# 网络安全代写 | OMSCS 7280: Network Science

Learning Objectives

OMSCS 7280: Network Science Assignment-5

The objective of this assignment is to learn about network models and statistical analysis of network data, covered in Lesson 12 and 13.

Please submit your Jupyter Notebook Assignment5-YOURLASTNAME.ipynb Part I. Modeling the NCAA College Football 2000 Network

For the first part of this assignment, you will be working with a network that represents American football games between Division IA colleges during the regular season Fall 2000. This network contains 115 nodes and 613 edges.

1.1 Structural Properties of the Graph

Here you will be asked to show some of the structural properties of the empirical network.

• Load the graph using NetworkX and print the number of nodes and edges to verify that network is loaded correctly.
• Calculate the degree sequence (list of degree of each node) for the network.
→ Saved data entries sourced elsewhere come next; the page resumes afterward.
(* Let $P$ be a set of $n$ points in the plane, no three collinear and no two on a common horizontal line. As $\beta$ runs from $0$ to $\pi$, the total number of events (insertion, deletion, overlap and release events) of $\mathcal{O}_\beta\mathcal{H}(P)$ is $O(n)$.
   Context: For $\beta\in(0,\pi)$, $\mathcal{O}_\beta$ is the pair of lines through the origin with slopes $0$ and $\tan\beta$. Given an apex $a$, every point is uniquely $a+s(1,0)+t(\cos\beta,\sin\beta)$; the four $\mathcal{O}_\beta$-quadrants with apex $a$ are the open sets with $s>0,t>0$ (top-right), $s<0,t>0$ (top-left), $s>0,t<0$ (bottom-right), $s<0,t<0$ (bottom-left); top-right/bottom-left and top-left/bottom-right are opposite pairs. A quadrant is $P$-free if it contains no point of $P$, and $\mathcal{O}_\beta\mathcal{H}(P)$ is the plane minus the union of all $P$-free $\mathcal{O}_\beta$-quadrants. For each quadrant type, the points of $P$ that are apices of a $P$-free quadrant of that type are the vertices of the corresponding $\mathcal{O}_\beta$-staircase. A maximal $\mathcal{O}_\beta$-quadrant is a $P$-free $\mathcal{O}_\beta$-quadrant each of whose two boundary rays contains a point of $P$; an overlapping region is a nonempty intersection of two opposite maximal quadrants (identified by the points of $P$ supporting the two quadrants). An insertion (resp. deletion) event is a value of $\beta$ at which a point of $P$ becomes (resp. ceases to be) a vertex of one of the four staircases; an overlap (resp. release) event is a value of $\beta$ at which an overlapping region is created (resp. destroyed). *)

From Stdlib Require Import Reals List.
Open Scope R_scope.

Definition point := (R * R)%type.

Inductive quadtype := TR | TL | BR | BL.

(* sign of the s-coordinate (along (1,0)) and t-coordinate (along (cos b, sin b)) *)
Definition sgn_s (q : quadtype) : R :=
  match q with TR | BR => 1 | TL | BL => -1 end.
Definition sgn_t (q : quadtype) : R :=
  match q with TR | TL => 1 | BR | BL => -1 end.

Definition opp_type (q : quadtype) : quadtype :=
  match q with TR => BL | BL => TR | TL => BR | BR => TL end.

Definition decomp (b : R) (a x : point) (s t : R) : Prop :=
  fst x = fst a + s + t * cos b /\ snd x = snd a + t * sin b.

Definition in_quad (b : R) (q : quadtype) (a x : point) : Prop :=
  exists s t, decomp b a x s t /\ sgn_s q * s > 0 /\ sgn_t q * t > 0.

Definition on_hray (b : R) (q : quadtype) (a x : point) : Prop :=
  exists s, decomp b a x s 0 /\ sgn_s q * s > 0.
Definition on_bray (b : R) (q : quadtype) (a x : point) : Prop :=
  exists t, decomp b a x 0 t /\ sgn_t q * t > 0.

Definition P_free (P : list point) (b : R) (q : quadtype) (a : point) : Prop :=
  forall x, In x P -> ~ in_quad b q a x.

Definition stair_vertex (P : list point) (b : R) (q : quadtype) (p : point) : Prop :=
  In p P /\ P_free P b q p.

Definition max_quad (P : list point) (b : R) (q : quadtype) (a h v : point) : Prop :=
  P_free P b q a /\ In h P /\ on_hray b q a h /\ In v P /\ on_bray b q a v.

Inductive opppair := OTRBL | OTLBR.
Definition opp_first (o : opppair) : quadtype := match o with OTRBL => TR | OTLBR => TL end.

(* the overlapping region of the opposite pair o, identified by the supporting
   points (h1,v1) of the first quadrant and (h2,v2) of the opposite one, exists *)
Definition overlap_exists (P : list point) (b : R) (o : opppair) (h1 v1 h2 v2 : point) : Prop :=
  exists a1 a2, max_quad P b (opp_first o) a1 h1 v1 /\
    max_quad P b (opp_type (opp_first o)) a2 h2 v2 /\
    exists x, in_quad b (opp_first o) a1 x /\ in_quad b (opp_type (opp_first o)) a2 x.

Definition becomes (f : R -> Prop) (b0 : R) : Prop :=
  exists eps, eps > 0 /\
    (forall b, b0 - eps < b < b0 -> ~ f b) /\ (forall b, b0 < b < b0 + eps -> f b).
Definition ceases (f : R -> Prop) (b0 : R) : Prop :=
  exists eps, eps > 0 /\
    (forall b, b0 - eps < b < b0 -> f b) /\ (forall b, b0 < b < b0 + eps -> ~ f b).

Inductive event :=
| Insertion (q : quadtype) (p : point) (b : R)
| Deletion (q : quadtype) (p : point) (b : R)
| Overlap (o : opppair) (h1 v1 h2 v2 : point) (b : R)
| Release (o : opppair) (h1 v1 h2 v2 : point) (b : R).

Definition is_event (P : list point) (e : event) : Prop :=
  match e with
  | Insertion q p b0 => 0 < b0 < PI /\ becomes (fun b => stair_vertex P b q p) b0
  | Deletion q p b0 => 0 < b0 < PI /\ ceases (fun b => stair_vertex P b q p) b0
  | Overlap o h1 v1 h2 v2 b0 =>
      0 < b0 < PI /\ becomes (fun b => overlap_exists P b o h1 v1 h2 v2) b0
  | Release o h1 v1 h2 v2 b0 =>
      0 < b0 < PI /\ ceases (fun b => overlap_exists P b o h1 v1 h2 v2) b0
  end.

Definition collinear (a b c : point) : Prop :=
  (fst b - fst a) * (snd c - snd a) - (snd b - snd a) * (fst c - fst a) = 0.

Definition general_position (P : list point) : Prop :=
  (forall a b c, In a P -> In b P -> In c P -> a <> b -> a <> c -> b <> c ->
     ~ collinear a b c) /\
  (forall a b, In a P -> In b P -> a <> b -> snd a <> snd b).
Plot the degree distribution using histogram.
• Use the Louvain algorithm (as mentioned in Lesson 7) to calculate the best partition. You can use a Python implementation from Louvain Community Detection. Calculate the inter- community connection density using the communities found above. Plot the inter-community connection density as heatmap.
• Calculate the network diameter, characteristic path length (CPL), average clustering coefficient, transitivity, and assortativity. Print these values.

1.2 Configuration Model Graph

Here you will be working with the Configuration Model graph generator in NetworkX. The main parameter in the configuration model is the degree sequence which you have already calculated for the empirical network above.

• Generate 100 graphs using the Configuration Model graph generator in NetworkX.
• Calculate the following properties for each of these 100 graphs: network diameter, CPL, average

clustering coefficient, transitivity and assortativity. Report the distribution of each property among 100 graphs using appropriate plots (histogram or boxplot would be fine).

1.3 Stochastic Block Model Graphs

Here you will be working with the Stochastic Block Model generator in NetworkX. This model has two main parameters, which are a list of community sizes, and a matrix that represents the inter-community connection density. You have already calculated both for the empirical network in Part 1.1.

• Generate 100 graphs using the Configuration Model graph generator in NetworkX.
• Calculate the following properties for each of these 100 graphs: network diameter, CPL, average

clustering coefficient, transitivity and assortativity. Report the distribution of each property among 100 graphs using appropriate plots.

1.4 Hierarchical Random Graphs

Here you will be working with the Hierarchical Random Graphs. We have composed a dendrogram fitted on the empirical network, as in “football-hrg.gml”, using PyHRG. In brief, the dendrogram is formulated as a directed graph. Each leaf node (node with no out-going edges) in the dendrogram represents a node in the empirical network. Each non-leaf node stores the information about its left/right child (“L” / “R”) and the probability of leaf nodes in the left tree connecting to the leaf nodes in the right tree (“p”), as node attributes.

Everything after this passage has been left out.